Recently, curator Jennifer Buchanan and I attended the Gulf States Horticultural Expo in Mobile, Alabama, a trade show that for a plant addict is a “kid in a candy shop” experience, with seemingly endless aisles of wholesale nurseries and green industry products. We had the chance to visit with our native nursery suppliers and to talk with other nursery representatives, such as large-scale nurseries who supply traditional garden centers.

We hear the same question over and over, “Where do we buy native plants?” Despite the popularity of magazine articles urging homeowners to plant natives for their low-maintenance qualities, wildlife benefit, contribution to biodiversity, and their beauty, they are still not easy to locate.

So, at the trade show, I posed the question to some of the larger nurseries – why they didn’t grow more native plants.

Their answer was simple – plants are a product. If they aren’t blooming, they don’t sell. While many of the large growers loved native species and grew them in their yards, they basically had the same answer – if it’s green 11 months out of the year, it won’t sell at the garden center.

The bottom line is that native plants will probably continue to be available largely at “mom and pop”, specialty nurseries. And that’s fine, if you know where to find them! Few exist in our region, and are usually a bit of a drive.

With recent renovations to our greenhouse irrigation system, we’re excited for the opportunity to be growing more of our own plants, and to fill this need. Our Native Pollinator Plant Sale is planned for Friday and Saturday, May 31 and June 1, featuring plants we are propagated.

Don’t overlook other ways to get your own native plants through propagation! Many species are easy to grow from seed or cuttings, and there are excellent books available to help you.

As I overhear the species being discussed for our order list, I think about how fortunate people are in Pearl River County. Many of them live on ample parcels of land, allowing them room for planting whatever they wish.

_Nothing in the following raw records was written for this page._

(* Let $F:[0,1]^d\to[0,1]^d$ be a discrete time regulatory network with parameters $K,T,s,a$ as in the context, let $\Lambda$ be its limit set and $\Delta$ its discontinuity set. If $\operatorname{dist}(\Lambda,\Delta)>0$, then $\Lambda$ is finite.
   Context: $K\in[0,1]^{d\times d}$ with $\sum_iK_{i,j}=1$ for each $j$; $s\in\{-1,0,1\}^{d\times d}$ and $T\in[0,1]^{d\times d}$ with $s_{i,j}=0$ iff $K_{i,j}=0$ and $T_{i,j}=0$ iff $K_{i,j}=0$; $a\in[0,1]$; $H(x)=0$ for $x\le0$, $H(x)=1$ for $x>0$; $F(x)_j=ax_j+(1-a)\sum_iK_{i,j}H(s_{i,j}(x_i-T_{i,j}))$. The limit set $\Lambda$ is the set of $x\in[0,1]^d$ for which there exist $y\in[0,1]^d$ and times $t_1<t_2<\cdots$ with $\lim_{n\to\infty}F^{t_n}(y)=x$. The discontinuity set is $\Delta=\{x\in[0,1]^d:\ \exists\, i,k\in\{1,\dots,d\}\text{ with } x_i=T_{i,k}\}$. *)

From HB Require Import structures.
From mathcomp Require Import all_boot all_order all_algebra.
From mathcomp Require Import all_classical all_reals all_analysis.
Set Implicit Arguments. Unset Strict Implicit. Unset Printing Implicit Defensive.
Import Order.TTheory GRing.Theory Num.Theory.
Import numFieldNormedType.Exports.
Local Open Scope classical_set_scope.
Local Open Scope ring_scope.

Definition heav {R : realType} (x : R) : R := if 0 < x then 1 else 0.

Definition regnet {R : realType} {d : nat} (a : R) (K : 'I_d -> 'I_d -> R)
    (s : 'I_d -> 'I_d -> int) (T : 'I_d -> 'I_d -> R) (x : 'I_d -> R) : 'I_d -> R :=
  fun j => a * x j + (1 - a) * \sum_(i < d) K i j * heav ((s i j)%:~R * (x i - T i j)).

Definition unit_cube {R : realType} {d : nat} : set ('I_d -> R) :=
  [set x | forall i, 0 <= x i <= 1].

Definition limit_set {R : realType} {d : nat} (F : ('I_d -> R) -> ('I_d -> R))
  : set ('I_d -> R) :=
  [set x | unit_cube x /\ exists y, unit_cube y /\
     exists t : nat -> nat, (forall n, (t n < t n.+1)%N) /\
       (forall i : 'I_d, (fun n => iter (t n) F y i) @ \oo --> x i)].

Definition disc_set {R : realType} {d : nat} (T : 'I_d -> 'I_d -> R) : set ('I_d -> R) :=
  [set x | unit_cube x /\ exists i k, x i = T i k].

(* dist(A, B) > 0, using the sup-norm on R^d (equivalent to the Euclidean one). *)
Definition dist_pos {R : realType} {d : nat} (A B : set ('I_d -> R)) : Prop :=
  exists2 eps : R, 0 < eps &
    forall x y, A x -> B y -> exists i : 'I_d, eps <= `|x i - y i|.

From mathcomp Require Import all_boot all_order all_algebra.
From mathcomp Require Import all_classical all_reals all_analysis.
From mathcomp Require Import ring lra zify.

(* Let e = dist(Λ, Δ) > 0.  Every limit point is e-far from every threshold, so
   within distance e of a limit point x the Heaviside terms do not change and
   F u = F x + a (u - x).  Since Λ is F-invariant, this propagates along orbits:
   F^k u - F^k x = a^k (u - x).  A limit point is recurrent, and comparing
   F^(p+q) x with F^q x and F^p x for two return times shows that for a < 1 it is
   periodic.  Two e-close periodic points x, x' then satisfy
   x' - x = a^(qq') (x' - x), so x' = x: Λ is e-separated in [0,1]^d, hence
   finite.  For a = 1, F is the identity, every point is a limit point, and the
   hypothesis can only hold when d = 0. *)

Set Implicit Arguments.
Unset Strict Implicit.
Unset Printing Implicit Defensive.

Import Order.TTheory GRing.Theory Num.Theory.
Import numFieldNormedType.Exports.
Local Open Scope classical_set_scope.
Local Open Scope ring_scope.

Lemma heavM_stable {R : realType} (c p q : R) :
  `|q - p| < `|p| -> heav (c * q) = heav (c * p).
Proof.
move=> close; have [pos neg] : ((0 < q) = (0 < p)) /\ ((q < 0) = (p < 0)).
  move: close; rewrite ltr_norml; have [p0|p0|->] := ltrgtP p 0.
  - by rewrite ltr0_norm // => /andP[? ?]; split; apply/idP/idP; lra.
  - by rewrite gtr0_norm // => /andP[? ?]; split; apply/idP/idP; lra.
  - by rewrite normr0 => /andP[? ?]; lra.
rewrite /heav; have [c0|c0|->] := ltrgtP c 0; last by rewrite !mul0r.
- by rewrite !nmulr_rgt0 // neg.
- by rewrite !pmulr_rgt0 // pos.
Qed.

Section RegulatoryNetwork.
Variables (R : realType) (d : nat) (a : R).
Variables (K : 'I_d -> 'I_d -> R) (s : 'I_d -> 'I_d -> int) (T : 'I_d -> 'I_d -> R).

Local Notation F := (regnet a K s T).

Lemma regnet_cube :
  (forall i j, 0 <= K i j) -> (forall j, \sum_(i < d) K i j = 1) -> 0 <= a <= 1 ->
  forall x, unit_cube x -> unit_cube (F x).
Proof.
move=> K_ge0 K_sum /andP[a0 a1] x x_cube j.
have heav01 i : 0 <= heav ((s i j)%:~R * (x i - T i j)) <= 1.
  by rewrite /heav; case: ifP; rewrite lexx ler01.
have code_ge0 : 0 <= \sum_(i < d) K i j * heav ((s i j)%:~R * (x i - T i j)).
  by apply: sumr_ge0 => i _; have /andP[h0 _] := heav01 i; exact: mulr_ge0.
have code_le1 : \sum_(i < d) K i j * heav ((s i j)%:~R * (x i - T i j)) <= 1.
  rewrite -[leRHS](K_sum j); apply: ler_sum => i _; have /andP[_ h1] := heav01 i.
  exact: ler_piMr (K_ge0 i j) h1.
have /andP[x0 x1] := x_cube j; rewrite /regnet; apply/andP; split; nra.
Qed.

Lemma regnet_locally_affine (e : R) (x u : 'I_d -> R) :
  (forall i k, e <= `|x i - T i k|) -> (forall i, `|u i - x i| < e) ->
  forall j, F u j - F x j = a * (u j - x j).
Proof.
move=> far close j; rewrite /regnet.
have -> : \sum_(i < d) K i j * heav ((s i j)%:~R * (u i - T i j)) =
          \sum_(i < d) K i j * heav ((s i j)%:~R * (x i - T i j)).
  apply: eq_bigr => i _; rewrite (@heavM_stable _ _ (x i - T i j)) //.
  rewrite opprB addrA subrK; exact: lt_le_trans (close i) (far i j).
ring.
Qed.

Lemma regnet1 : regnet 1 K s T = id.
Proof. by apply/funext => x; apply/funext => j; rewrite /regnet subrr mul0r addr0 mul1r. Qed.

End RegulatoryNetwork.

Lemma dist_pos_disc_set {R : realType} {d : nat} (A : set ('I_d -> R))
    (T : 'I_d -> 'I_d -> R) :
  (forall i k, 0 <= T i k <= 1) -> A `<=` unit_cube -> dist_pos A (disc_set T) ->
  exists2 e, 0 < e & forall x, A x -> forall i k, e <= `|x i - T i k|.
Proof.
move=> T01 A_cube [e e_gt0 far]; exists e => // x Ax i k.
pose y j := if j == i then T i k else x j.
have y_disc : disc_set T y.
  split; last by exists i, k; rewrite /y eqxx.
  by move=> j; rewrite /y; case: eqP => _; [exact: T01 | exact: A_cube].
have [j] := far x y Ax y_disc; rewrite /y; case: eqP => [-> //|_].
by rewrite subrr normr0 leNgt e_gt0.
Qed.

Lemma cvg_coords_near {R : realType} (I : finType) (z : nat -> I -> R) (x : I -> R) :
  (forall i, (fun n => z n i) @ \oo --> x i) ->
  forall eta, 0 < eta -> \forall n \near \oo, forall i, `|z n i - x i| < eta.
Proof.
move=> cvg_z eta eta_gt0; apply: filter_forall => i.
by apply: filterS ((cvgrPdist_lt _ _).1 (cvg_z i) eta eta_gt0) => n; rewrite distrC.
Qed.

Lemma ler_norm_iM {R : numDomainType} (b v : R) : 0 <= b <= 1 -> `|b * v| <= `|v|.
Proof. by case/andP=> b0 b1; rewrite normrM (ger0_norm b0) ler_piMl. Qed.

Lemma exprn_itv01 {R : numDomainType} (b : R) n : 0 <= b <= 1 -> 0 <= b ^+ n <= 1.
Proof. by case/andP=> b0 b1; rewrite exprn_ge0 // exprn_ile1. Qed.

Lemma leq_incr_add (t : nat -> nat) : (forall n, t n < t n.+1)%N ->
  forall n k, (t n + k <= t (n + k))%N.
Proof.
move=> t_incr n; elim=> [|k IH]; first by rewrite !addn0.
by rewrite !addnS (leq_ltn_trans IH (t_incr _)).
Qed.

Lemma exists_exprn_lt {R : realType} (b eta : R) : 0 <= b < 1 -> 0 < eta ->
  exists n, b ^+ n < eta.
Proof.
case/andP=> b0 b1 eta_gt0; have b_norm : `|b| < 1 by rewrite ger0_norm.
have [n _ small] := (cvgrPdist_lt _ _).1 (cvg_expr b_norm) _ eta_gt0.
by exists n; move: (small n (leqnn n)); rewrite /= sub0r normrN ger0_norm ?exprn_ge0.
Qed.

Section LocallyAffineDynamics.
Variables (R : realType) (d : nat) (F : ('I_d -> R) -> 'I_d -> R) (a e : R).
Hypothesis a01 : 0 <= a <= 1.
Hypothesis e_gt0 : 0 < e.
Hypothesis F_cube : forall x, unit_cube x -> unit_cube (F x).
Hypothesis F_affine : forall x u, limit_set F x -> (forall i, `|u i - x i| < e) ->
  forall j, F u j - F x j = a * (u j - x j).

Lemma limit_set_invariant x : limit_set F x -> limit_set F (F x).
Proof.
move=> Lx; have [x_cube [y [y_cube [t [t_incr cvg_t]]]]] := Lx.
split; first exact: F_cube.
exists y; split => //; exists (fun n => (t n).+1); split => [n|i]; first by rewrite ltnS.
apply/cvgrPdist_lt => eta eta_gt0.
have min_gt0 : 0 < Num.min e eta by rewrite lt_min e_gt0 eta_gt0.
apply: filterS (cvg_coords_near cvg_t min_gt0) => n close.
have close_e j : `|iter (t n) F y j - x j| < e.
  by move: (close j); rewrite lt_min => /andP[].
rewrite /= distrC (F_affine Lx close_e).
by apply: le_lt_trans (ler_norm_iM _ a01) _; move: (close i); rewrite lt_min => /andP[].
Qed.

Lemma limit_set_iter_invariant x k : limit_set F x -> limit_set F (iter k F x).
Proof. by move=> Lx; elim: k => [//|k IH]; rewrite iterS; apply: limit_set_invariant. Qed.

Lemma limit_set_iter_affine x u : limit_set F x -> (forall i, `|u i - x i| < e) ->
  forall k i, iter k F u i - iter k F x i = a ^+ k * (u i - x i).
Proof.
move=> Lx close; elim=> [|k IH] i; first by rewrite expr0 mul1r.
have close_k j : `|iter k F u j - iter k F x j| < e.
  by rewrite IH; apply: le_lt_trans (close j); exact/ler_norm_iM/exprn_itv01.
rewrite !iterS (F_affine (limit_set_iter_invariant k Lx) close_k) IH.
by rewrite exprS mulrA.
Qed.

Lemma limit_set_recurrent x : limit_set F x -> forall eta, 0 < eta ->
  forall k0, exists2 p, (k0 <= p)%N & forall i, `|iter p F x i - x i| < eta.
Proof.
move=> Lx eta eta_gt0 k0; have [_ [y [_ [t [t_incr cvg_t]]]]] := Lx.
have min_gt0 : 0 < Num.min e (eta / 2) by rewrite lt_min e_gt0 divr_gt0.
have [n0 _ close] := cvg_coords_near cvg_t min_gt0.
have close_e n j : (n0 <= n)%N -> `|iter (t n) F y j - x j| < e.
  by move=> /close /(_ j); rewrite lt_min => /andP[].
have close_eta n j : (n0 <= n)%N -> `|iter (t n) F y j - x j| < eta / 2.
  by move=> /close /(_ j); rewrite lt_min => /andP[].
have t_gap := leq_incr_add t_incr n0 k0.
exists (t (n0 + k0) - t n0)%N; first by lia.
move=> i; set p := (t (n0 + k0) - t n0)%N; set v := iter (t n0) F y.
have v_shift : iter p F v = iter (t (n0 + k0)) F y.
  by rewrite /v -iterD subnK //; apply: leq_trans t_gap; exact: leq_addr.
have -> : iter p F x i - x i = (iter p F v i - x i) - a ^+ p * (v i - x i).
  by rewrite -(limit_set_iter_affine Lx (close_e n0 ^~ (leqnn _))); ring.
apply: le_lt_trans (ler_normB _ _) _; rewrite v_shift (splitr eta).
apply: ltr_leD; first exact/close_eta/leq_addr.
apply: le_trans (ler_norm_iM _ (exprn_itv01 p a01)) _.
exact/ltW/close_eta.
Qed.

Hypothesis a_lt1 : a < 1.

Lemma limit_set_periodic x : limit_set F x -> exists2 q, (0 < q)%N & iter q F x = x.
Proof.
move=> Lx; have [q q_gt0 w_close] := limit_set_recurrent Lx e_gt0 1.
exists q => //; apply/funext => i; set w := iter q F x.
have return_bound p : (forall j, `|iter p F x j - x j| < e) ->
    `|w i - x i| <= a ^+ p * `|w i - x i| + `|iter p F x i - x i|.
  move=> p_close; have shift_p := limit_set_iter_affine Lx w_close p i.
  have shift_q := limit_set_iter_affine Lx p_close q i.
  (* Compare F^(p+q) x with both F^p w and F^q (F^p x). *)
  have decomp : w i - x i = a ^+ p * (w i - x i) + (1 - a ^+ q) * (iter p F x i - x i).
    by rewrite -shift_p mulrBl mul1r -shift_q /w -!iterD addnC; ring.
  rewrite {1}decomp; apply: le_trans (ler_normD _ _) _.
  rewrite normrM ger0_norm ?exprn_ge0 ?lerD2l //; last by case/andP: a01.
  by apply: ler_norm_iM; rewrite subr_ge0 lerBlDr lerDl; case/andP: (exprn_itv01 q a01) => -> ->.
apply/eqP; rewrite -subr_eq0 -normr_le0; apply/ler_addgt0Pr => eta eta_gt0.
have [k0 ak0_small] : exists k0, a ^+ k0 < 1 / 2.
  by apply: exists_exprn_lt; rewrite ?divr_gt0 // a_lt1 andbT; case/andP: a01.
have min_gt0 : 0 < Num.min e (eta / 2) by rewrite lt_min e_gt0 divr_gt0.
have [p k0_le_p close] := limit_set_recurrent Lx min_gt0 k0.
have close_e j : `|iter p F x j - x j| < e by move: (close j); rewrite lt_min => /andP[].
have close_eta : `|iter p F x i - x i| < eta / 2 by move: (close i); rewrite lt_min => /andP[].
have ap_small : a ^+ p <= a ^+ k0 by apply: ler_wiXn2l => //; case/andP: a01.
have := return_bound p close_e; have := normr_ge0 (w i - x i); rewrite add0r; nra.
Qed.

Lemma limit_set_separated x x' : limit_set F x -> limit_set F x' ->
  (forall i, `|x' i - x i| < e) -> x' = x.
Proof.
move=> Lx Lx' close.
have [q q_gt0 qx] := limit_set_periodic Lx; have [q' q'_gt0 qx'] := limit_set_periodic Lx'.
apply/funext => i; have := limit_set_iter_affine Lx close (q * q') i.
rewrite iterM (iter_fix _ qx') mulnC iterM (iter_fix _ qx) => fixed.
have aqq_lt1 : a ^+ (q' * q) < 1.
  have [a0 _] := andP a01.
  by rewrite exprn_ilt1 // -lt0n muln_gt0 q_gt0 q'_gt0.
have /eqP : (1 - a ^+ (q' * q)) * (x' i - x i) = 0 by rewrite mulrBl mul1r -fixed subrr.
rewrite mulf_eq0 !subr_eq0 => /orP[/eqP a_eq|/eqP //].
by rewrite -a_eq ltxx in aqq_lt1.
Qed.

End LocallyAffineDynamics.

Lemma separated_cube_finite {R : realType} {d : nat} (A : set ('I_d -> R)) (e : R) :
  0 < e -> A `<=` unit_cube ->
  (forall x x', A x -> A x' -> (forall i, `|x' i - x i| < e) -> x' = x) ->
  finite_set A.
Proof.
move=> e_gt0 A_cube sep; pose M := (Num.truncn e^-1).+1.
have mesh : 1 < e * M%:R.
  have e_inv_ge0 : 0 <= e^-1 by rewrite invr_ge0 ltW.
  have /andP[_ M_gt] := truncn_itv e_inv_ge0.
  by rewrite -[ltLHS](mulfV (lt0r_neq0 e_gt0)) ltr_pM2l.
pose cell (x : 'I_d -> R) i := Num.truncn (x i * M%:R).
have cell_itv x i : A x -> (cell x i)%:R <= x i * M%:R < (cell x i).+1%:R.
  by move=> Ax; apply: truncn_itv; case/andP: (A_cube x Ax i) => x0 _; rewrite mulr_ge0.
have cell_lt x i : A x -> (cell x i < M.+1)%N.
  move=> Ax; have /andP[lo _] := cell_itv x i Ax; have /andP[_ x1] := A_cube x Ax i.
  by rewrite ltnS -(ler_nat R); apply: le_trans lo _; rewrite ler_piMl.
pose g x := [ffun i => inord (cell x i) : 'I_M.+1].
have g_inj : {in A &, injective g}.
  move=> x x'; rewrite !in_setE => Ax Ax' /ffunP gxx'; apply: sep => // i.
  move/(congr1 val): (gxx' i); rewrite !ffunE /= !inordK ?cell_lt // => same_cell.
  have := cell_itv x i Ax; have := cell_itv x' i Ax'; rewrite same_cell -natr1.
  have M_gt0 : (0 : R) < M%:R by rewrite ltr0n.
  by rewrite ltr_norml; move=> /andP[? ?] /andP[? ?]; apply/andP; split; nra.
by rewrite -(eq_finite_set (inj_card_eq g_inj)); exact: finite_finset.
Qed.

Lemma fixed_point_limit_set {R : realType} {d : nat} (F : ('I_d -> R) -> 'I_d -> R)
    (x : 'I_d -> R) :
  unit_cube x -> F x = x -> limit_set F x.
Proof.
move=> x_cube Fx; split => //; exists x; split => //; exists id; split => // i.
have -> : (fun n => iter n F x i) = fun=> x i by apply/funext => n; rewrite iter_fix.
exact: cvg_cst.
Qed.

Theorem mainTheorem4 (R : realType) (d : nat) (a : R)
  (K : 'I_d -> 'I_d -> R) (s : 'I_d -> 'I_d -> int) (T : 'I_d -> 'I_d -> R)
  (hK01 : forall i j, 0 <= K i j <= 1)
  (hKsum : forall j, \sum_(i < d) K i j = 1)
  (hs : forall i j, s i j = 0 \/ s i j = 1 \/ s i j = -1)
  (hsK : forall i j, s i j = 0 <-> K i j = 0)
  (hT01 : forall i j, 0 <= T i j <= 1)
  (hTK : forall i j, T i j = 0 <-> K i j = 0)
  (ha : 0 <= a <= 1) :
  dist_pos (limit_set (regnet a K s T)) (disc_set T) ->
  finite_set (limit_set (regnet a K s T)).
Proof.
move=> dist_L_disc.
have L_cube : limit_set (regnet a K s T) `<=` unit_cube by move=> x [].
have [e e_gt0 far] := dist_pos_disc_set hT01 L_cube dist_L_disc.
apply: (separated_cube_finite e_gt0 L_cube) => x x' Lx Lx' close.
have [a1|a_neq1] := eqVneq a 1.
  apply/funext => i; exfalso.
  have Lz : limit_set (regnet a K s T) (fun=> T i i).
    by apply: fixed_point_limit_set => [j|]; [exact: hT01 | rewrite a1 regnet1].
  by move: (far _ Lz i i); rewrite subrr normr0 leNgt e_gt0.
have a_lt1 : a < 1 by rewrite lt_neqAle a_neq1; case/andP: ha.
have K_ge0 i j : 0 <= K i j by case/andP: (hK01 i j).
apply: (limit_set_separated ha e_gt0 _ _ a_lt1 Lx Lx' close).
  by move=> y; apply: regnet_cube.
by move=> y u Ly; apply: regnet_locally_affine; exact: far.
Qed.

When I worked with Mississippi landscape contractors on the gulf coast before coming to the Arboretum, our residential design clients typically lived in subdivisions. Their small yards, and often, neighborhood design standards, gave them little room for creativity or for planting anything more than dwarf and compact versions of the usual trees and shrubs.  When we had a homeowner with a larger property, it was very exciting because of the opportunities for using canopy trees, old-fashioned garden shrubs, and generally, plants that could be allowed to grow and mature without the need for labor-intensive pruning to keep them “groomed”.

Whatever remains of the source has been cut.